Едва выйдя из лифта на втором этаже Конгресса, слева можно увидеть небольшую лестницу, которая, окруженная журналистами, фотографами и телекамерами, напоминала ступени старого стадиона «Сан-Паоло» в Неаполе в день представления Диего Армандо Марадоны в 1984 году. Существует культовое фото на эту тему.
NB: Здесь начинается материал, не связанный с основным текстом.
Lemma prob_six_gtE n (d : 'I_n -> nat) v k :
  (\sum_i d i)%N = n -> (k <= n)%N ->
  prob_six_gt d v k = (k`! * elem_sym (zero_at d v) k)%:R / (n ^_ k)%:R.
Proof.
move=> sum_d le_kn; have Fd_gt0 := card_Fset_gt0 v sum_d.
have := card_six_gt d v k.
rewrite sum_avoiding_ffun_prod sum_inj_ffun_prod => count_six_gt.
rewrite /prob_six_gt; apply/eqP.
rewrite eqr_div ?pnatr_eq0 -?lt0n ?ffact_gt0 // -!natrM eqr_nat.
by rewrite mulnC count_six_gt mulnC.
Qed.

Lemma prob_six_gtS_le n (d : 'I_n -> nat) v k :
  prob_six_gt d v k.+1 <= prob_six_gt d v k.
Proof.
rewrite /prob_six_gt ler_wpM2r ?invr_ge0 ?ler0n // ler_nat.
by apply/subset_leq_card/subsetP => f; rewrite !inE => /andP[-> /ltnW].
Qed.

Lemma gnS_prob_six_gt n (d : 'I_n -> nat) v k :
  (\sum_i d i)%N = n -> (k < n)%N ->
  gn d k.+1 =
  prob_six_gt d v k.+1 + (k.+1)%:R * (d v)%:R / (n - k)%:R * prob_six_gt d v k.
Proof.
move=> sum_d lt_kn.
have nk_neq0 : (n ^_ k)%:R != 0 :> rat by rewrite pnatr_eq0 -lt0n ffact_gt0 ltnW.
have n_k_neq0 : (n - k)%:R != 0 :> rat by rewrite pnatr_eq0 -lt0n subn_gt0.
rewrite (prob_six_gtE v sum_d lt_kn) (prob_six_gtE v sum_d (ltnW lt_kn)).
change (gn d k.+1) with ((k.+1)`!%:R / (n ^_ k.+1)%:R * (elem_sym d k.+1)%:R : rat).
rewrite (elem_symS_zero_at d v) ffactnSr factS natrD !natrM.
by field; rewrite nk_neq0 n_k_neq0.
Qed.
Lemma principal_time (R : realType) n (a b : 'I_n -> R) (om th sg : R) :
  om != 0 -> sg ^+ 2 = 1 -> dot a a + dot b b = 1 ->
  exists t, dot (rot_re (om * t + th) a b) (rot_im (om * t + th) a b) = 0 /\
    dot (rot_re (om * t + th) a b) (rot_re (om * t + th) a b) = (1 + sg * disc a b) / 2.
Proof.
move=> om0 /(principal_rotation a b)[psi [h1 h2]] hab; exists ((psi - th) / om).
rewrite (_ : om * ((psi - th) / om) + th = psi); last by field.
by split => //; move: h2 (dot_rot_trace psi a b); rewrite hab; lra.
Qed.

Theorem theorem10 (R : realType) (n : nat) (A : 'M[R]_n) (lam : R[i])
  (w : 'rV[R[i]]_n) (v : 'cV[R[i]]_n) (y0 : 'cV[R]_n)
  (alpha beta : 'I_n -> R) (gam theta : R) :
  Lambda1_complex A lam ->
  w != 0 -> w *m cplx_mx A = lam *: w ->
  v != 0 -> cplx_mx A *m v = lam *: v ->
  let om := complex.Im lam in
  let wh := (Complex (cnorm2 w)^-1 0) *: w in
  let vh := (Complex (cnorm2 v)^-1 0) *: v in
  let yh := (rnorm2 y0)^-1 *: y0 in
  let V1 := cmod ((vh^T *m vh) ord0 ord0) in
  let W1 := cmod ((wh *m wh^T) ord0 ord0) in
  (w *m cplx_mx y0) ord0 ord0 != 0 ->
  (* polar forms of vh_k, wh_l and wh*yh *)
  (forall k, vh k ord0 = Complex (cmod (vh k ord0)) 0 * expi (alpha k)) ->
  (forall l, wh ord0 l = Complex (cmod (wh ord0 l)) 0 * expi (beta l)) ->
  (wh *m cplx_mx yh) ord0 ord0
    = Complex (cmod ((wh *m cplx_mx yh) ord0 ord0)) 0 * expi gam ->
  (* theta: angle of the left singular vector of R1 for its largest
     singular value sigma1 *)
  let R1 : 'M[R]_(2, n) :=
    \matrix_(i < 2, j < n) (if i == ord0 then complex.Re (wh ord0 j) else complex.Im (wh ord0 j)) in
  let sigma1 := specnorm R1 in
  let a1 : 'cV[R]_2 := \col_(i < 2) (if i == ord0 then cos theta else sin theta) in
  R1 *m R1^T *m a1 = sigma1 ^+ 2 *: a1 ->
  let Theta_u (t : R) : 'cV[R]_n :=
    \col_(k < n) (cmod (vh k ord0) * cos (om * t + alpha k + gam)) in
  let Theta (t : R) : 'M[R]_n :=
    \matrix_(k < n, l < n)
      (cmod (vh k ord0) * cmod (wh ord0 l) * cos (om * t + alpha k + beta l)) in
  let OT (t : R) := specnorm (Theta t) / rnorm2 (Theta_u t) in
  (forall t, a_min V1 W1 <= OT t <= a_max V1 W1) /\
  ((exists k : int, gam - theta = (2 * k + 1)%:~R * (pi / 2)) ->
     (exists t, OT t = a_min V1 W1) /\ (exists t, OT t = a_max V1 W1)).
Proof.
(* The bounds hold for every angle [gam]. *)
move=> [_ om_gt0 _ _ _] w0 hw v0 hv om wh vh yh V1 W1 _ halpha hbeta _
  R1 sigma1 a1 heig Theta_u Theta OT.
have om0 : om != 0 by rewrite gt_eqF.
pose a k := complex.Re (vh k ord0); pose b k := complex.Im (vh k ord0).
pose c0 l := complex.Re (wh ord0 l); pose d0 l := complex.Im (wh ord0 l).
have [nab hV1 V1_lt1] : [/\ dot a a + dot b b = 1, V1 = disc a b & disc a b < 1] :=
  unit_col_eigen om0 v0 hv.
have [ncd hW1 W1_lt1] : [/\ dot c0 c0 + dot d0 d0 = 1, W1 = disc c0 d0 & disc c0 d0 < 1] :=
  unit_row_eigen om0 w0 hw.
have [cd0 hcc hdd] := principal_frame ncd W1_lt1 heig.
pose P t := rot_re (om * t + theta) a b; pose Q t := rot_im (om * t + theta) a b.
have OTE t : OT t = specnorm (\matrix_(k, l)
      (P t k * rot_re (- theta) c0 d0 l - Q t k * rot_im (- theta) c0 d0 l)) /
    rnorm2 (\col_k (P t k * cos (gam - theta) - Q t k * sin (gam - theta))).
  exact: polar_ratio (om * t) theta gam halpha hbeta.
have hPQ t : dot (P t) (P t) + dot (Q t) (Q t) = 1 by rewrite dot_rot_trace.
have hVt t : disc (P t) (Q t) = V1 by rewrite disc_rot hV1.
have W0 := disc_ge0 c0 d0; have hxy0 := cos2Dsin2 (gam - theta).
rewrite hW1; split => [t | [k hk]].
  by rewrite OTE -(hVt t) amin_le_ratio ?ratio_le_amax ?hPQ ?hVt ?hV1.
have x0 : cos (gam - theta) = 0 by rewrite hk cos_odd_pihalf.
split.
  have [t [h1 h2]] := principal_time theta om0 (etrans (sqrrN 1) (expr1n _ 2)) nab.
  exists t; rewrite OTE -(hVt t); apply: ratio_eq_amin; rewrite ?hPQ ?hVt ?hV1 ?h2 //; lra.
have [t [h1 h2]] := principal_time theta om0 (expr1n _ 2) nab.
exists t; rewrite OTE -(hVt t); apply: ratio_eq_amax; rewrite ?hPQ ?hVt ?hV1 ?h2 //; lra.
Qed.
Неизвестно, будет ли похожая фотография в эту среду в Конгрессе, где Мариано Армандо Рахой явился на комиссию по расследованию «Операции Каталония» – тайной полицейской схемы, запущенной из недр Министерства внутренних дел с целью предположительно шпионить за политическими партиями, от сторонников независимости до Podemos, посредством судебного преследования и фейковых новостей. Но она должна быть. Экс-президент правительства появился в окружении вспышек, попросил слова, чтобы заявить, что не понимает, что делает в этом месте, сидя перед этими странными людьми, и посвятил последующие часы самому масштабному и разрушительному упражнению по опустошению власти, которое когда-либо переживало правительство: дело не в том, что он ничего не знал о том, что происходило под его командованием, а в том, что, слушая его, вспоминаешь историческую фразу Сапатеро, сказанную жене перед сном, когда он уже некоторое время находился в Ла Монклоа: «Ты не представляешь, Сонсолес, какое количество сотен тысяч испанцев могли бы управлять».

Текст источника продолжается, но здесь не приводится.